Lemma trunc_oct_regular_iff a b :
  trunc_oct_regular a b (arcosh (3/2)) <-> 0 < a /\ a * a = 1/7 /\ b = 2 * a.
Proof.
  unfold trunc_oct_regular.
  split.
  - intros (Ha & Hab & Hb & Hsq & Hhex).
    rewrite hdist_klein_eq_arcosh in Hsq, Hhex by (assumption || ring || lra).
    unfold in_ball in Hb.
    assert (Hb2 : b = 2 * a) by nra.
    subst b; repeat split; nra.
  - intros (Ha & Ha2 & ->).
    assert (Hb : in_ball 0 a (2 * a)) by (unfold in_ball; nra).
    rewrite !hdist_klein_eq_arcosh by (assumption || ring || lra).
    repeat split; (assumption || nra).
Qed.

Lemma cube_regular_iff c : cube_regular c (arcosh (3/2)) <-> 0 < c /\ c * c = 1/7.
Proof.
  unfold cube_regular.
  split.
  - intros (Hc & Hb & Hedge).
    rewrite hdist_klein_eq_arcosh in Hedge by (assumption || ring || lra).
    split; nra.
  - intros (Hc & Hc2).
    assert (Hb : in_ball c c c) by (unfold in_ball; nra).
    rewrite hdist_klein_eq_arcosh by (assumption || ring || lra).
    repeat split; (assumption || nra).
Qed.

Lemma div_sqrt_eq x w r : 0 < w -> 0 <= x * r -> x * x = r * r * w -> x / sqrt w = r.
Proof.
  intros Hw Hxr Hx.
  assert (Hs : 0 < sqrt w) by (apply sqrt_lt_R0; lra).
  assert (Hsq := sqrt_sqrt w (Rlt_le _ _ Hw)).
  apply (Rmult_eq_reg_r (sqrt w)); [| lra].
  unfold Rdiv; rewrite Rmult_assoc, Rinv_l, Rmult_1_r by lra.
  assert (Hfac : (x - r * sqrt w) * (x + r * sqrt w) = 0).
  { replace ((x - r * sqrt w) * (x + r * sqrt w)) with (x * x - r * r * (sqrt w * sqrt w))
      by ring.
    rewrite Hsq, Hx; ring. }
  destruct (Rmult_integral _ _ Hfac) as [H | H]; [lra |].
  assert (Hr : r * r <= 0) by nra.
  assert (Hr0 : r = 0) by nra.
  subst r; nra.
Qed.

Ltac klein_side_condition :=
  first [apply klein_scale_normalizes | apply klein_scale_pos | idtac];
  unfold in_ball; rewrite ?mink_hom; nra.

Lemma TO_alpha_at a : 0 < a -> a * a = 1/7 -> TO_alpha a (2 * a) = acos (1/6).
Proof.
  intros Ha0 Ha.
  unfold TO_alpha; rewrite !klein_hom, dihedral_vscale by klein_side_condition.
  rewrite !mink_hom; f_equal.
  transitivity (dihedral_cos_gram (-2/7) (-3/7) (-3/7) (-3/7) (-2/7) (-5/7) (-5/7) (-2/7) (-4/7) (-2/7)).
  { f_equal; nra. }
  unfold dihedral_cos_gram, schur; cbv zeta.
  apply div_sqrt_eq; [lra | lra | field].
Qed.

Lemma TO_beta_at a : 0 < a -> a * a = 1/7 -> TO_beta a (2 * a) = acos (- (1/6)).
Proof.
  intros Ha0 Ha.
  unfold TO_beta; rewrite !klein_hom, dihedral_vscale by klein_side_condition.
  rewrite !mink_hom; f_equal.
  transitivity (dihedral_cos_gram (-2/7) (-3/7) (-4/7) (-3/7) (-2/7) (-3/7) (-5/7) (-2/7) (-1) (-2/7)).
  { f_equal; nra. }
  unfold dihedral_cos_gram, schur; cbv zeta.
  apply div_sqrt_eq; [lra | lra | field].
Qed.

----

Work task — Lines with the word "Hedge" in them are the answer; report each one from the data.

Output —
  - intros (Hc & Hb & Hedge).
    rewrite hdist_klein_eq_arcosh in Hedge by (assumption || ring || lra).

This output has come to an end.